I don't know if you are running this from a Mac. I've run through several issues with Macs during the development so, as of now, is currently unsupported. I can only guarantee success when running from Linux...

That said, we can try! A few things:

1 - If you're running the script with the pychimera binary, you don't need to call pychimera.patch_environ() nor pychimera.enable_chimera(). That's handled by the binary! However, you do need them if you're using the standard python binary. Bottomline:

$ python yourscript.py # This requires the pychimera calls inside the script
$ pychimera yourscript.py # PyChimera must NOT be called now!

Since you are using argparse for your own needs, I recommend using the python call. This is, don't change anything in your script, but call it with python (2.7).

2 - The envvar should point to the main chimera directory. This is, the one you get when running chimera --root. Just remove the bin/ out of it and it will be fine.

3 - The error you are getting means that the module chimeraInit.py could not be found in the path. This is most probably due to the previous point. Anyway, if that's not the case, pychimera.patch_environ() deals with this, and should include the CHIMERADIR/share location in it. To check if that's right, please, include the following line before AND after the pychimera calls:

print(sys.path)
jrjhealey commented 8 years ago

Thanks Jaime, this is a huge help! You're saving a considerable chunk of one of my thesis chapters ;)

I am running a Mac but all of the script execution is actually on a Linux (Ubuntu) server I'm SSHd to, so everything will work I hope?!

I see the distinction! I'll make the amendments you suggest when I'm back at my computer and see how I get on.
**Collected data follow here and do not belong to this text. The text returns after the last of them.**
(* Let $\Delta_2=\{A=(a_{ij})\in SL_3(\mathfrak{o}) : a_{21}=a_{31}=0\}$. Then $$\Delta_2=\bigsqcup_{y\in Y(\mathfrak{o})}\ \bigsqcup_{d\in D(3)}\ \bigsqcup_{u\in U(3)} \varphi_2(y^{-1})\,d\,u\,\Gamma_\infty(3),$$ i.e. $\Delta_2$ is the union of the sets $\varphi_2(y^{-1})du\Gamma_\infty(3)$ and these sets are pairwise disjoint for distinct triples $(y,d,u)$.
   Context: Let $\omega=e^{2\pi i/3}$, $\mathfrak{o}=\mathbb{Z}[\omega]$, $\mathfrak{o}^\times$ its unit group. Fix representatives of nonzero elements modulo units (''$c\in(\mathfrak{o}-\{0\})/\mathfrak{o}^\times$'') and, for each nonzero $c$, representatives of $\mathfrak{o}/c\mathfrak{o}$ (''$a\in\mathfrak{o}/c\mathfrak{o}$''). $Y(\mathfrak{o})=\{\begin{pmatrix}a&b\\c&d\end{pmatrix}\in SL_2(\mathfrak{o}) : c\in(\mathfrak{o}-\{0\})/\mathfrak{o}^\times,\ a\in\mathfrak{o}/c\mathfrak{o}\}\cup\{I_2\}$. $\Gamma(3)=\{A\in SL_3(\mathfrak{o}):A\equiv I_3\pmod{3\mathfrak{o}}\}$ (entrywise), $\Gamma_\infty(3)$ its subgroup of upper triangular unipotent matrices. $D(3)$: diagonal $\mathrm{diag}(i,j,k)$ with $i,j,k\in\mathfrak{o}$, $ijk=1$. $U(3)$: matrices $\begin{pmatrix}1&\alpha&\beta\\&1&\gamma\\&&1\end{pmatrix}$ with $\alpha,\beta,\gamma\in\{0,1,2\}+\{0,1,2\}\omega$. For $y=\begin{pmatrix}a&b\\c&d\end{pmatrix}\in SL_2(\mathfrak{o})$, $\varphi_2(y)=\begin{pmatrix}1&0&0\\0&a&b\\0&c&d\end{pmatrix}$. *)

(* The ring o = Z[omega] is realized inside algC. *)
From HB Require Import structures.
From mathcomp Require Import all_boot all_order all_algebra all_field.
Set Implicit Arguments. Unset Strict Implicit. Unset Printing Implicit Defensive.
Import Order.TTheory GRing.Theory Num.Theory.
Local Open Scope ring_scope.

(* omega = e^{2 pi i/3} = (-1 + i sqrt 3)/2 *)
Definition omega : algC := (-1 + 'i * sqrtC 3) / 2.

Definition in_o (z : algC) : Prop :=
  exists a b : int, z = a%:~R + b%:~R * omega.

Definition unit_o (u : algC) : Prop :=
  in_o u /\ exists v, in_o v /\ u * v = 1.

Definition SL_o (n : nat) (A : 'M[algC]_n) : Prop :=
  (forall i j, in_o (A i j)) /\ \det A = 1.

Definition i0 : 'I_3 := @Ordinal 3 0 isT.
Definition i1 : 'I_3 := @Ordinal 3 1 isT.
Definition i2 : 'I_3 := @Ordinal 3 2 isT.
Definition j0 : 'I_2 := @Ordinal 2 0 isT.
Definition j1 : 'I_2 := @Ordinal 2 1 isT.

Definition Delta2 (A : 'M[algC]_3) : Prop :=
  SL_o A /\ A i1 i0 = 0 /\ A i2 i0 = 0.

Definition is_rep_nonzero_mod_units (Crep : algC -> Prop) : Prop :=
  (forall c, Crep c -> in_o c /\ c != 0) /\
  (forall z, in_o z -> z != 0 ->
     exists c, Crep c /\ (exists u, unit_o u /\ z = u * c) /\
       forall c', Crep c' -> (exists u, unit_o u /\ z = u * c') -> c' = c).

Definition is_rep_mod (c : algC) (Ac : algC -> Prop) : Prop :=
  (forall a, Ac a -> in_o a) /\
  (forall z, in_o z ->
     exists a, Ac a /\ (exists k, in_o k /\ z - a = k * c) /\
       forall a', Ac a' -> (exists k, in_o k /\ z - a' = k * c) -> a' = a).

Definition Yset (Crep : algC -> Prop) (Arep : algC -> algC -> Prop)
  (y : 'M[algC]_2) : Prop :=
  (SL_o y /\ Crep (y j1 j0) /\ Arep (y j1 j0) (y j0 j0)) \/ y = 1%:M.

Definition diag3 (i j k : algC) : 'M[algC]_3 :=
  \matrix_(r < 3, s < 3)
    (if r == s then (if r == i0 then i else if r == i1 then j else k) else 0).

Definition D3 (d : 'M[algC]_3) : Prop :=
  exists i j k, [/\ in_o i, in_o j, in_o k, i * j * k = 1 & d = diag3 i j k].

Definition upper3 (al be ga : algC) : 'M[algC]_3 :=
  \matrix_(r < 3, s < 3)
    (if r == s then 1
     else if (r == i0) && (s == i1) then al
     else if (r == i0) && (s == i2) then be
     else if (r == i1) && (s == i2) then ga
     else 0).

Definition rep3 (z : algC) : Prop :=
  exists m n : nat, (m < 3)%N /\ (n < 3)%N /\ z = m%:R + n%:R * omega.

Definition U3 (u : 'M[algC]_3) : Prop :=
  exists al be ga, [/\ rep3 al, rep3 be, rep3 ga & u = upper3 al be ga].

Definition Gamma3 (A : 'M[algC]_3) : Prop :=
  SL_o A /\ forall i j, exists k, in_o k /\ (A - 1%:M) i j = 3 * k.

Definition Gamma_inf3 (A : 'M[algC]_3) : Prop :=
  Gamma3 A /\ exists al be ga, A = upper3 al be ga.

Definition phi2 (y : 'M[algC]_2) : 'M[algC]_3 := lift0_mx y.

From HB Require Import structures.
From mathcomp Require Import all_boot all_order all_algebra all_field.
From mathcomp Require Import ring zify.
Import Order.TTheory GRing.Theory Num.Theory.
Local Open Scope ring_scope.

(* For A in Delta_2 the entry a_11 is a unit, so the column (a_22, a_32) is
   unimodular. Writing a_32 = w c with c the chosen representative, the row
   (c, -a_22/w) is unimodular; completing it to a matrix of SL_2(o) and
   reducing the top-left entry modulo c gives the y in Y(o) for which
   phi_2(y) A is upper triangular. That matrix has a unit diagonal d, and
   reducing the entries of d^-1 phi_2(y) A modulo 3 splits it as u g with
   u in U(3) and g in Gamma_infty(3).
   Conversely, the second column of phi_2(y^-1) d u g has lower part
   d_22 (y_22, -y_21), so two such decompositions of one matrix give
   associate bottom rows; the choice of representatives then forces y = y',
   and d, u are recovered from the entries modulo 3. *)

Lemma ord2P (r : 'I_2) : r = j0 \/ r = j1.
Proof. by case: r => [[|[|r]] Hr] //; [left | right]; apply: val_inj. Qed.

Lemma ord3P (r : 'I_3) : [\/ r = i0, r = i1 | r = i2].
Proof.
by case: r => [[|[|[|r]]] Hr] //; [constructor 1 | constructor 2 | constructor 3]; apply: val_inj.
Qed.

Section ExplicitMatrices.
Context {R : comPzRingType}.

Definition mk2 (a b c d : R) : 'M[R]_2 := \matrix_(r, s)
  (if r == j0 then (if s == j0 then a else b) else (if s == j0 then c else d)).

Definition mk3 (a b c d e f g h k : R) : 'M[R]_3 := \matrix_(r, s)
  (if r == i0 then (if s == i0 then a else if s == i1 then b else c)
   else if r == i1 then (if s == i0 then d else if s == i1 then e else f)
   else (if s == i0 then g else if s == i1 then h else k)).

Lemma mk2_eta (Y : 'M[R]_2) : Y = mk2 (Y j0 j0) (Y j0 j1) (Y j1 j0) (Y j1 j1).
Proof. by apply/matrixP => r s; rewrite mxE; case: (ord2P r) => ->; case: (ord2P s) => ->. Qed.

Lemma mk3_eta (A : 'M[R]_3) :
  A = mk3 (A i0 i0) (A i0 i1) (A i0 i2) (A i1 i0) (A i1 i1) (A i1 i2)
          (A i2 i0) (A i2 i1) (A i2 i2).
Proof. by apply/matrixP => r s; rewrite mxE; case: (ord3P r) => ->; case: (ord3P s) => ->. Qed.

Lemma mk3_inj a b c d e f g h k a' b' c' d' e' f' g' h' k' :
  mk3 a b c d e f g h k = mk3 a' b' c' d' e' f' g' h' k' ->
  [/\ a = a', b = b', c = c', d = d' & [/\ e = e', f = f', g = g', h = h' & k = k']].
Proof.
move=> E; have entry r s : mk3 a b c d e f g h k r s = mk3 a' b' c' d' e' f' g' h' k' r s.
  by rewrite E.
move: (entry i0 i0) (entry i0 i1) (entry i0 i2) (entry i1 i0) (entry i1 i1).
move: (entry i1 i2) (entry i2 i0) (entry i2 i1) (entry i2 i2).
by rewrite !mxE.
Qed.

Lemma mk2_mul a b c d a' b' c' d' :
  mk2 a b c d *m mk2 a' b' c' d' =
  mk2 (a * a' + b * c') (a * b' + b * d') (c * a' + d * c') (c * b' + d * d').
Proof.
apply/matrixP => r s; rewrite !mxE !big_ord_recl big_ord0 !mxE addr0.
by case: (ord2P r) => ->; case: (ord2P s) => ->.
Qed.

Lemma mk3_mul a b c d e f g h k a' b' c' d' e' f' g' h' k' :
  mk3 a b c d e f g h k *m mk3 a' b' c' d' e' f' g' h' k' =
  mk3 (a * a' + b * d' + c * g') (a * b' + b * e' + c * h') (a * c' + b * f' + c * k')
      (d * a' + e * d' + f * g') (d * b' + e * e' + f * h') (d * c' + e * f' + f * k')
      (g * a' + h * d' + k * g') (g * b' + h * e' + k * h') (g * c' + h * f' + k * k').
Proof.
apply/matrixP => r s; rewrite !mxE !big_ord_recl big_ord0 !mxE addr0 !addrA.
by case: (ord3P r) => ->; case: (ord3P s) => ->.
Qed.

Lemma mk2_1 : 1%:M = mk2 1 0 0 1.
Proof. by apply/matrixP => r s; rewrite !mxE; case: (ord2P r) => ->; case: (ord2P s) => ->. Qed.

Lemma det_mk2 a b c d : \det (mk2 a b c d) = a * d - b * c.
Proof.
rewrite (expand_det_row _ ord0) !big_ord_recl big_ord0 /cofactor !det_mx11 !mxE /=.
by rewrite /bump /=; ring.
Qed.

Lemma det_mk3 a b c d e f g h k :
  \det (mk3 a b c d e f g h k) = a * (e * k - f * h) - b * (d * k - f * g) + c * (d * h - e * g).
Proof.
rewrite (expand_det_row _ i0) !big_ord_recl big_ord0 /cofactor.
rewrite !(expand_det_row _ ord0) !big_ord_recl !big_ord0 /cofactor !det_mx11 !mxE /=.
by rewrite /bump /=; ring.
Qed.

Lemma lift0_mx_mk3 (Y : 'M[R]_2) :
  lift0_mx Y = mk3 1 0 0 0 (Y j0 j0) (Y j0 j1) 0 (Y j1 j0) (Y j1 j1).
Proof.
have e0 : i0 = lshift 2 ord0 :> 'I_(1 + 2) by apply: val_inj.
have e1 : i1 = rshift 1 j0 :> 'I_(1 + 2) by apply: val_inj.
have e2 : i2 = rshift 1 j1 :> 'I_(1 + 2) by apply: val_inj.
apply/matrixP => r s; rewrite [RHS]mxE.
case: (ord3P r) => ->; case: (ord3P s) => -> /=; rewrite ?e0 ?e1 ?e2.
all: by rewrite ?block_mxEul ?block_mxEur ?block_mxEdl ?block_mxEdr ?mxE.
Qed.

Lemma lift0_mx_mulmx_mk3 (Y : 'M[R]_2) a b c d e f g h k :
  lift0_mx Y *m mk3 a b c d e f g h k =
  mk3 a b c
      (Y j0 j0 * d + Y j0 j1 * g) (Y j0 j0 * e + Y j0 j1 * h) (Y j0 j0 * f + Y j0 j1 * k)
      (Y j1 j0 * d + Y j1 j1 * g) (Y j1 j0 * e + Y j1 j1 * h) (Y j1 j0 * f + Y j1 j1 * k).
Proof. by rewrite lift0_mx_mk3 mk3_mul; congr mk3; ring. Qed.

Lemma lift0_mxM n (A B : 'M[R]_n) : lift0_mx A *m lift0_mx B = lift0_mx (A *m B).
Proof. by rewrite mulmx_block !mulmx0 !mul0mx !addr0 !add0r mulmx1. Qed.

Lemma lift0_mx1 n : lift0_mx (1%:M : 'M[R]_n) = 1%:M.
Proof. by rewrite /lift0_mx -scalar_mx_block. Qed.

Lemma det_lift0_mx n (A : 'M[R]_n) : \det (lift0_mx A) = \det A.
Proof. by rewrite det_ublock det1 mul1r. Qed.

Lemma det2E (Y : 'M[R]_2) : \det Y = Y j0 j0 * Y j1 j1 - Y j0 j1 * Y j1 j0.
Proof. by rewrite {1}(mk2_eta Y) det_mk2. Qed.

End ExplicitMatrices.

Section SL2.
Context {R : idomainType}.
Implicit Types y Y : 'M[R]_2.

Lemma invmx_SL2 Y : \det Y = 1 -> invmx Y = mk2 (Y j1 j1) (- Y j0 j1) (- Y j1 j0) (Y j0 j0).
Proof.
rewrite det2E => dY.
have YZ : Y *m mk2 (Y j1 j1) (- Y j0 j1) (- Y j1 j0) (Y j0 j0) = 1%:M.
  by rewrite {1}(mk2_eta Y) mk2_mul mk2_1 -dY; congr mk2; ring.
have [Yu _] := mulmx1_unit YZ.
by rewrite -[RHS](mulKmx Yu) YZ mulmx1.
Qed.

Lemma SL2_topleft_congr y y' : \det y = 1 -> \det y' = 1 ->
  y j1 j0 = y' j1 j0 -> y j1 j1 = y' j1 j1 ->
  y j0 j0 - y' j0 j0 = (y' j0 j0 * y j0 j1 - y j0 j0 * y' j0 j1) * y j1 j0.
Proof.
rewrite !det2E => dy dy' ec ed.
rewrite -[y j0 j0 in LHS]mulr1 -[y' j0 j0 in LHS]mulr1 -{1}dy' -dy -ec -ed; ring.
Qed.

Lemma SL2_eq y y' : \det y = 1 -> \det y' = 1 -> y j1 j0 != 0 ->
  y j0 j0 = y' j0 j0 -> y j1 j0 = y' j1 j0 -> y j1 j1 = y' j1 j1 -> y = y'.
Proof.
rewrite !det2E => dy dy' c0 ea ec ed.
have : (y j0 j1 - y' j0 j1) * y j1 j0 = 0.
  by rewrite -[RHS](subrr 1) -{1}dy' -dy ea ec ed; ring.
move/eqP; rewrite mulf_eq0 (negbTE c0) orbF subr_eq0 => /eqP eb.
by rewrite [LHS]mk2_eta [RHS]mk2_eta ea eb ec ed.
Qed.

End SL2.

Lemma omega_root : omega ^+ 2 + omega + 1 = 0.
Proof.
have sq3 : ('i * sqrtC 3) ^+ 2 = - 3 :> algC by rewrite exprMn sqrCi sqrtCK mulN1r.
have two_omega : 2 * omega = -1 + 'i * sqrtC 3 by rewrite /omega mulrC divfK ?pnatr_eq0.
apply: (@mulfI _ 4); first by rewrite pnatr_eq0.
rewrite mulr0 (_ : _ * _ = (2 * omega) ^+ 2 + 2 * (2 * omega) + 4); last by ring.
rewrite two_omega.
have -> : forall x : algC, (-1 + x) ^+ 2 + 2 * (-1 + x) + 4 = x ^+ 2 + 3 by move=> x; ring.
by rewrite sq3 addNr.
Qed.

Lemma eq_mod_omega (t x y : algC) : x - y = t * (omega ^+ 2 + omega + 1) -> x = y.
Proof. by rewrite omega_root mulr0; apply: subr0_eq. Qed.

Lemma in_o_int (z : int) : in_o z%:~R.
Proof. by exists z, 0; rewrite mul0r addr0. Qed.

Lemma in_o_nat (n : nat) : in_o n%:R.
Proof. exact: (in_o_int n). Qed.

Lemma in_o0 : in_o 0. Proof. exact: (in_o_nat 0). Qed.
Lemma in_o1 : in_o 1. Proof. exact: (in_o_nat 1). Qed.

Lemma in_o_omega : in_o omega.
Proof. by exists 0, 1; rewrite mul1r add0r. Qed.

#[local] Hint Resolve in_o0 in_o1 in_o_omega : core.

Lemma in_oD x y : in_o x -> in_o y -> in_o (x + y).
Proof.
move=> [a [b ->]] [c [d ->]]; exists (a + c), (b + d).
by rewrite !rmorphD /=; ring.
Qed.

Lemma in_oN x : in_o x -> in_o (- x).
Proof. by move=> [a [b ->]]; exists (- a), (- b); rewrite !rmorphN /=; ring. Qed.

Lemma in_oB x y : in_o x -> in_o y -> in_o (x - y).
Proof. by move=> hx hy; apply: in_oD => //; apply: in_oN. Qed.

Lemma in_oM x y : in_o x -> in_o y -> in_o (x * y).
Proof.
move=> [a [b ->]] [c [d ->]]; exists (a * c - b * d), (a * d + b * c - b * d).
apply: (eq_mod_omega (b%:~R * d%:~R)).
by rewrite !(rmorphD, rmorphB, rmorphM) /=; ring.
Qed.

Arguments in_oD {x y}.
Arguments in_oN {x}.
Arguments in_oB {x y}.
Arguments in_oM {x y}.

(* Multiplying by the conjugate a + b omega^2 gives the norm a^2 - ab + b^2,
   and 4 (a^2 - ab + b^2) = (2a - b)^2 + 3 b^2. *)
Lemma omega_free (a b : int) : a%:~R + b%:~R * omega = 0 :> algC -> a = 0 /\ b = 0.
Proof.
move=> ab0.
have : (a * a - a * b + b * b)%:~R = 0 :> algC.
  rewrite -(mul0r (a%:~R + b%:~R * (-1 - omega))) -ab0.
  apply: (eq_mod_omega (b%:~R * b%:~R)).
  by rewrite !(rmorphD, rmorphB, rmorphN, rmorphM) /=; ring.
move/eqP; rewrite intr_eq0 => /eqP norm0.
have : (2 * a - b) * (2 * a - b) + 3 * (b * b) = 0 by rewrite -[RHS](mulr0 4) -norm0; ring.
by move=> h; split; nia.
Qed.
jaimergp commented 8 years ago

Yep, as long as the host running the script is Linux, you're fine. I've checked several Ubuntu installations and they all run fine. I think that the main issue you have is the CHIMERADIR envvar. Once that's solved, I think it will run OK ;)

I am also doing a PhD, so I know how you feel. Let me know if you need anything else, especially Python related! If you host it in a gist, I can fork it and PR the changes, since I am seeing a couple of issues at first sight.

jrjhealey commented 7 years ago

Hi Jaime,

Thanks once again for your help here and over on Chimera users. I finished the script (though there are certainly still some bugs in it!). I may do as you say and put together a gist if I get around to it (I've posted a pastebin link over on the users forum in the meantime anyway if you're interested).

Pychimera is excellent (and I followed your suggestion of installing everything inside a miniconda environment which worked flawlessly).

Feel free to close this as I'm aware it's not really an 'issue'!

Thanks again,

Joe

jaimergp commented 7 years ago

It's a pleasure to see my coding efforts being helpful to others, so thanks to you!